EXERCISE BRIEF: Among the entries below, extract exactly the lines that run from the one with "Definition tab_eq (lam" through the one with "nth (0, 0) (nodes", both ends included.

DATASET section start

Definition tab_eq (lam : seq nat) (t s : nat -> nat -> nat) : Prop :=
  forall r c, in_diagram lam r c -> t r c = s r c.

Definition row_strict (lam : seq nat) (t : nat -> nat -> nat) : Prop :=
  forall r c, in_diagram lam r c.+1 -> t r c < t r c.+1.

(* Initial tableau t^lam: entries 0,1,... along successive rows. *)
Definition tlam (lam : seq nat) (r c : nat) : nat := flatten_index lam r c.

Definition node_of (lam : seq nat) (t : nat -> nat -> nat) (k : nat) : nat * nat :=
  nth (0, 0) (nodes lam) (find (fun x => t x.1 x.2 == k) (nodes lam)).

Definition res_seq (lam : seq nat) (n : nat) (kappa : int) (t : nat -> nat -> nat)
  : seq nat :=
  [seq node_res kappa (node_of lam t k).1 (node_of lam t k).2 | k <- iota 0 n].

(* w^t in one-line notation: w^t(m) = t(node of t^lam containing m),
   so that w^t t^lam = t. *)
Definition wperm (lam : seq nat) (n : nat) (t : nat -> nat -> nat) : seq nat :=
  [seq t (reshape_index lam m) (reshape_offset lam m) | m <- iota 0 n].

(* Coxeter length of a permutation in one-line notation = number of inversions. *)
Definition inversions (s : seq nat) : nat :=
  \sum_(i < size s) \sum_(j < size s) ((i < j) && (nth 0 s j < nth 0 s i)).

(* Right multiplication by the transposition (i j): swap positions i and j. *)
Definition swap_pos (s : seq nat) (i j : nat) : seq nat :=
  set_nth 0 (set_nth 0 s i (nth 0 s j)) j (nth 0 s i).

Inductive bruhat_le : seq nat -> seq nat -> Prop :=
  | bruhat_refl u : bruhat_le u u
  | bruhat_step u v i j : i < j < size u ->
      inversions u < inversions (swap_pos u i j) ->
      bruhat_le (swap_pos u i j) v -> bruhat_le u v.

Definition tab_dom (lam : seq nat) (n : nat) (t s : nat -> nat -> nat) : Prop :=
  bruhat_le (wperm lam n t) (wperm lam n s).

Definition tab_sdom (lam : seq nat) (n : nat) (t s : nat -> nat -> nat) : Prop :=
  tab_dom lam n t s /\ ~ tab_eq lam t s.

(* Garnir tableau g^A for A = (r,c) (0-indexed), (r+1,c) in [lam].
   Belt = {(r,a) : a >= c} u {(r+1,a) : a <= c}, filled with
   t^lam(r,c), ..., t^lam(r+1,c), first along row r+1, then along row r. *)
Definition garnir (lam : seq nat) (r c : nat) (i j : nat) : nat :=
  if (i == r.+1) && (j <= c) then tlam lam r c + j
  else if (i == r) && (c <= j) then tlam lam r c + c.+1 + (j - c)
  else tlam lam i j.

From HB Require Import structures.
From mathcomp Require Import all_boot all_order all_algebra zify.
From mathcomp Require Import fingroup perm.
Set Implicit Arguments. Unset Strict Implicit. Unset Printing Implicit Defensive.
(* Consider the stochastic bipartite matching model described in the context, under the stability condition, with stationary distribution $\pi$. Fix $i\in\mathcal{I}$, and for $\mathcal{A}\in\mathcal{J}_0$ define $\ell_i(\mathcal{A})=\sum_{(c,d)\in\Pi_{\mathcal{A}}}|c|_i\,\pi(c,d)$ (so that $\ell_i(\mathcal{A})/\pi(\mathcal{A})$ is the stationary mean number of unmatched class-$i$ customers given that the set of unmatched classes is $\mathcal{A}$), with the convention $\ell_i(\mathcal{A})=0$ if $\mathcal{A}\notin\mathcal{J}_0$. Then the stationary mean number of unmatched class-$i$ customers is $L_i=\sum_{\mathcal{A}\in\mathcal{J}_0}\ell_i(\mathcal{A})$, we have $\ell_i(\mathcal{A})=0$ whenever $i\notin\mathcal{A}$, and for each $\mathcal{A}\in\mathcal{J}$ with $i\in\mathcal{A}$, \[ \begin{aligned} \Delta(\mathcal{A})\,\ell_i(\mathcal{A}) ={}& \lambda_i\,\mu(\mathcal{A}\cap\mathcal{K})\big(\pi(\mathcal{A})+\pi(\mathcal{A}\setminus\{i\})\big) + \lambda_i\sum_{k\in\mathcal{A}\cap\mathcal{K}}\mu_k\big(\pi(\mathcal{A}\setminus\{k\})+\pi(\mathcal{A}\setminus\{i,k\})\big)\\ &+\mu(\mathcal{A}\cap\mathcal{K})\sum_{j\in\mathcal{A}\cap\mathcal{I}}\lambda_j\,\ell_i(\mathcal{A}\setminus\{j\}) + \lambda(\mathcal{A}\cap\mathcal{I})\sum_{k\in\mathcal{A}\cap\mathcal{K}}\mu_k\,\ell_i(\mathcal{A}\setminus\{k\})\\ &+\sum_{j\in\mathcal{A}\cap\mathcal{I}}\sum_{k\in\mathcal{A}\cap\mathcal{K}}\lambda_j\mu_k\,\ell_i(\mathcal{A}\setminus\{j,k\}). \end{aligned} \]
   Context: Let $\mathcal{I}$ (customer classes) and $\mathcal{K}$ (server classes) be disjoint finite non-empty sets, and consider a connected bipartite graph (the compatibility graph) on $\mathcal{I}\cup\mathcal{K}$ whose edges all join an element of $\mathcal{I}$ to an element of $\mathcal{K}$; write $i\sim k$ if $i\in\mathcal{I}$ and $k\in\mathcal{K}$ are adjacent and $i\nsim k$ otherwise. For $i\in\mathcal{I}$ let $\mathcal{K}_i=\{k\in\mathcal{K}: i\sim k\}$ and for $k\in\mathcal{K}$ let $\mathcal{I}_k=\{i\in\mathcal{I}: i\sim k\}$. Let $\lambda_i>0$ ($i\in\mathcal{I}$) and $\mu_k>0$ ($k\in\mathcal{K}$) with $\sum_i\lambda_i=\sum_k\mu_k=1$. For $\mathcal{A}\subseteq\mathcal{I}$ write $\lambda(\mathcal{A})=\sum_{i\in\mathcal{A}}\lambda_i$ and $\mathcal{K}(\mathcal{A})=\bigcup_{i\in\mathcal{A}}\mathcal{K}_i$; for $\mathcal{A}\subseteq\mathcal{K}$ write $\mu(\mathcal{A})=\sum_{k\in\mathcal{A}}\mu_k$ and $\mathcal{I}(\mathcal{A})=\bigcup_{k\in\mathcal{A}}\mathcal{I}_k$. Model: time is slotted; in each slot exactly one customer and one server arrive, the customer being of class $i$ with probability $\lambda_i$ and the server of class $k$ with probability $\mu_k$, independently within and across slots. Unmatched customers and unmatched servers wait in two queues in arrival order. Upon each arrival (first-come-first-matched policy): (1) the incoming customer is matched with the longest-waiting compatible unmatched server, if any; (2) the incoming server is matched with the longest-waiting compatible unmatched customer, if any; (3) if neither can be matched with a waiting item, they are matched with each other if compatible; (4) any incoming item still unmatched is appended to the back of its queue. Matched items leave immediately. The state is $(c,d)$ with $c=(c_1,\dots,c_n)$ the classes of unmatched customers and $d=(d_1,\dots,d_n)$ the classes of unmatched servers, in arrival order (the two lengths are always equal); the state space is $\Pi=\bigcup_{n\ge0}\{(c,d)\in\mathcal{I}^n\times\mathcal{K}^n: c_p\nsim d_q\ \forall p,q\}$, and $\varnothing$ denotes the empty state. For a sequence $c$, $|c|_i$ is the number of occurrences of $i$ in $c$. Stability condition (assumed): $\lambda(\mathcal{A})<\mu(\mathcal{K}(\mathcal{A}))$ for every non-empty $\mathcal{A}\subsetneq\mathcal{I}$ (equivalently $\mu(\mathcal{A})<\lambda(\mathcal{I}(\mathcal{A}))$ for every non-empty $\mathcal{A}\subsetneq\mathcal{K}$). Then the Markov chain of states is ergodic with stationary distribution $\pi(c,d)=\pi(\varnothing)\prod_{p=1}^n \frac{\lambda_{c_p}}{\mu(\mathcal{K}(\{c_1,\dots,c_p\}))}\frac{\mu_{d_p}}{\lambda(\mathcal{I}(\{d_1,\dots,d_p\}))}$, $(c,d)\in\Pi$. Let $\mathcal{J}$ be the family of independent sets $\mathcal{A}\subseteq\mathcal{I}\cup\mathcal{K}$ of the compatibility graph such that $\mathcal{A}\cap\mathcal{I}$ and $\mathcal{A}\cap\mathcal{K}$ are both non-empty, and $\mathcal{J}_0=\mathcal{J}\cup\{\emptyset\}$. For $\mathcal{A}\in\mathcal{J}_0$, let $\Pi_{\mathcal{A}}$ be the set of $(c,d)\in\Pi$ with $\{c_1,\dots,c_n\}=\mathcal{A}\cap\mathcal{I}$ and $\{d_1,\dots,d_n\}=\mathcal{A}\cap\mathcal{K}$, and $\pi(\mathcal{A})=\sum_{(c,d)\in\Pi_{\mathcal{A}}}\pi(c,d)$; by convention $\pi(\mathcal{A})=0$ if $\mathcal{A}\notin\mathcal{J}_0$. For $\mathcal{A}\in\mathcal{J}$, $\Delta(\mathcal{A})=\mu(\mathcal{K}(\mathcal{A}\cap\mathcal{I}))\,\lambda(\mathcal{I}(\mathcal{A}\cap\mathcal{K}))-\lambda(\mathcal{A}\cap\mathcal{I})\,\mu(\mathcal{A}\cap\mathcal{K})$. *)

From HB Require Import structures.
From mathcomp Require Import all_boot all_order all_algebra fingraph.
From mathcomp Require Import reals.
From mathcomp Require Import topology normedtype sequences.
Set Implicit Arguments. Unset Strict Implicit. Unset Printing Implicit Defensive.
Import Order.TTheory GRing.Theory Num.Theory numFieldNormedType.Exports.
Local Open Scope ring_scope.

DATASET section end
DATASET section start

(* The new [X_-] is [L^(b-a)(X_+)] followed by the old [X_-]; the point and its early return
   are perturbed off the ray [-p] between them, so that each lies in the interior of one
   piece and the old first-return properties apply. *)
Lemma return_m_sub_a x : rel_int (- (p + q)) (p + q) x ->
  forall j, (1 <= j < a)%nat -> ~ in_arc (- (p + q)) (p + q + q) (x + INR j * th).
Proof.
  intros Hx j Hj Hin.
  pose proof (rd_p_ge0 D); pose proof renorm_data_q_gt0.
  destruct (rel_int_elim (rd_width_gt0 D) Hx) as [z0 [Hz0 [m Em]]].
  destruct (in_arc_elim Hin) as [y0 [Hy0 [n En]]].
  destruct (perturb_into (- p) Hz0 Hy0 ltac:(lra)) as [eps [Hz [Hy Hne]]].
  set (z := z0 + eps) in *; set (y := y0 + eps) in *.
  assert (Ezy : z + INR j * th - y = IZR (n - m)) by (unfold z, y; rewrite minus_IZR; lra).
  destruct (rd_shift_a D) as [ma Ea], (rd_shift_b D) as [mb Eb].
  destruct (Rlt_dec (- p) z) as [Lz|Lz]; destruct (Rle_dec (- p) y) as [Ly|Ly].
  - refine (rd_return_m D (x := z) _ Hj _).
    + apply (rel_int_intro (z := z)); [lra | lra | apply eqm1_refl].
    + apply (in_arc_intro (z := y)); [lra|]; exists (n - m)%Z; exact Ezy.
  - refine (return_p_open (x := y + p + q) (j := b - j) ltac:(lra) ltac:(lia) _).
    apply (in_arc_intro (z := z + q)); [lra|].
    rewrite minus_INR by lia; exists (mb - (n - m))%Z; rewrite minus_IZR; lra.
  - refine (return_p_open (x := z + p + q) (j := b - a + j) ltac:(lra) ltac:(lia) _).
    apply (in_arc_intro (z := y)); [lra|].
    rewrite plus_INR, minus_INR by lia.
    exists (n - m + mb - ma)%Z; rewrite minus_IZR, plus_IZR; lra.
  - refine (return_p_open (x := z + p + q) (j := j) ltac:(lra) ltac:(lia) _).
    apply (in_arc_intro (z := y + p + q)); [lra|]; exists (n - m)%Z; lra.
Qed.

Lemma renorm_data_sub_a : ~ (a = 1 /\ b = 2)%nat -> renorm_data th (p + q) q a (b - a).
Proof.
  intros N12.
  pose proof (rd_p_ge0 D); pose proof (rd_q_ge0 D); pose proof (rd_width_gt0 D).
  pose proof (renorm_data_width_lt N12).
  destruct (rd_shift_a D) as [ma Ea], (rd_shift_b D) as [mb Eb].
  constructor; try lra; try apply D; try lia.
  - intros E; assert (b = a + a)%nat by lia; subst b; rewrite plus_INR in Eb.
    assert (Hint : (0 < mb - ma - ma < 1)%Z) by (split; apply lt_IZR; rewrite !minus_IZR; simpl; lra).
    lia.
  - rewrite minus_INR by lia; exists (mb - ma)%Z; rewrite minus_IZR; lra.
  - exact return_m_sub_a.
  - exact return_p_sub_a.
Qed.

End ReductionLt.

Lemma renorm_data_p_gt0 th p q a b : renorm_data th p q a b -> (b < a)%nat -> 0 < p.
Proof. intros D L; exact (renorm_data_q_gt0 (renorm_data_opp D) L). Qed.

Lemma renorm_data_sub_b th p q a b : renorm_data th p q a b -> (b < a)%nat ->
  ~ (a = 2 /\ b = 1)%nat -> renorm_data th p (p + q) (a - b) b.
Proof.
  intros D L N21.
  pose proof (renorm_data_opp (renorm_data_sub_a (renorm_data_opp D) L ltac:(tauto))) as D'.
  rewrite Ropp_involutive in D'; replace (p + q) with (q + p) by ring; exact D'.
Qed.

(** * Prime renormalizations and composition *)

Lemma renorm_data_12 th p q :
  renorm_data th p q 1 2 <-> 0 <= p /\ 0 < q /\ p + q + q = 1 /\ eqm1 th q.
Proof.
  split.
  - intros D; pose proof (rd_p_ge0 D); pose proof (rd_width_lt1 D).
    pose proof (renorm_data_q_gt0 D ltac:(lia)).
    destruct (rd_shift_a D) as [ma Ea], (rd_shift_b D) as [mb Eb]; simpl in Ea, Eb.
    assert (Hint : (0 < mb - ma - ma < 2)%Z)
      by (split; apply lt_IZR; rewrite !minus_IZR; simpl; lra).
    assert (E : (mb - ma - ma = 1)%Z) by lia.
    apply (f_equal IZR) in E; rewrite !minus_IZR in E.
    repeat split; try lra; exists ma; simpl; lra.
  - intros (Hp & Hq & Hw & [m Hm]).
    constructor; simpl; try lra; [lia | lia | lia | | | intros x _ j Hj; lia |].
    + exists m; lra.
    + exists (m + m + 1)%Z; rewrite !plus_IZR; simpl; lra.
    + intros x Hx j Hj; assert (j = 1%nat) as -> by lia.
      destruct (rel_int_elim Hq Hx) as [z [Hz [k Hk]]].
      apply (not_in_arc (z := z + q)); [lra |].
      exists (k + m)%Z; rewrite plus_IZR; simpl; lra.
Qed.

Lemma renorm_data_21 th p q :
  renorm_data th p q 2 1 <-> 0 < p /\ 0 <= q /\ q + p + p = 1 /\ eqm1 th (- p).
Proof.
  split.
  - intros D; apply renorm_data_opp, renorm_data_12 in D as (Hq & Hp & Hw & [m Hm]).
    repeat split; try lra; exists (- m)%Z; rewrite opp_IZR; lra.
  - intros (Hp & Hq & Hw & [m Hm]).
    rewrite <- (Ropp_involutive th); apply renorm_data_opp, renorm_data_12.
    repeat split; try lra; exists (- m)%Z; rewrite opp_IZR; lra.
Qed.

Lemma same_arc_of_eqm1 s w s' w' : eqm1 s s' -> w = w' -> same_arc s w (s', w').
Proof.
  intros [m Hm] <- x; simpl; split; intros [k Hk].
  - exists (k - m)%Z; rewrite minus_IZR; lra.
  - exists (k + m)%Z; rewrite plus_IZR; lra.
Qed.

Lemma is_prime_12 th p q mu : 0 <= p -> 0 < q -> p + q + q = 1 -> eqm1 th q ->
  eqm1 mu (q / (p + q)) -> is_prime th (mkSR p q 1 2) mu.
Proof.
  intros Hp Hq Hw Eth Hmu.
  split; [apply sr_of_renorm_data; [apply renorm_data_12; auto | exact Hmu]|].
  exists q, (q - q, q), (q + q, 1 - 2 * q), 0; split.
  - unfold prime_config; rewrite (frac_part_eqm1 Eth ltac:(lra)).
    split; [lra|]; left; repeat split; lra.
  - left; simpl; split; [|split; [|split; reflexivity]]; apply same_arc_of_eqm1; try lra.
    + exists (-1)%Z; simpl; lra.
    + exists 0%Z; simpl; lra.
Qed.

DATASET section end

REPLY:
Definition tab_eq (lam : seq nat) (t s : nat -> nat -> nat) : Prop :=
  forall r c, in_diagram lam r c -> t r c = s r c.

Definition row_strict (lam : seq nat) (t : nat -> nat -> nat) : Prop :=
  forall r c, in_diagram lam r c.+1 -> t r c < t r c.+1.

(* Initial tableau t^lam: entries 0,1,... along successive rows. *)
Definition tlam (lam : seq nat) (r c : nat) : nat := flatten_index lam r c.

Definition node_of (lam : seq nat) (t : nat -> nat -> nat) (k : nat) : nat * nat :=
  nth (0, 0) (nodes lam) (find (fun x => t x.1 x.2 == k) (nodes lam)).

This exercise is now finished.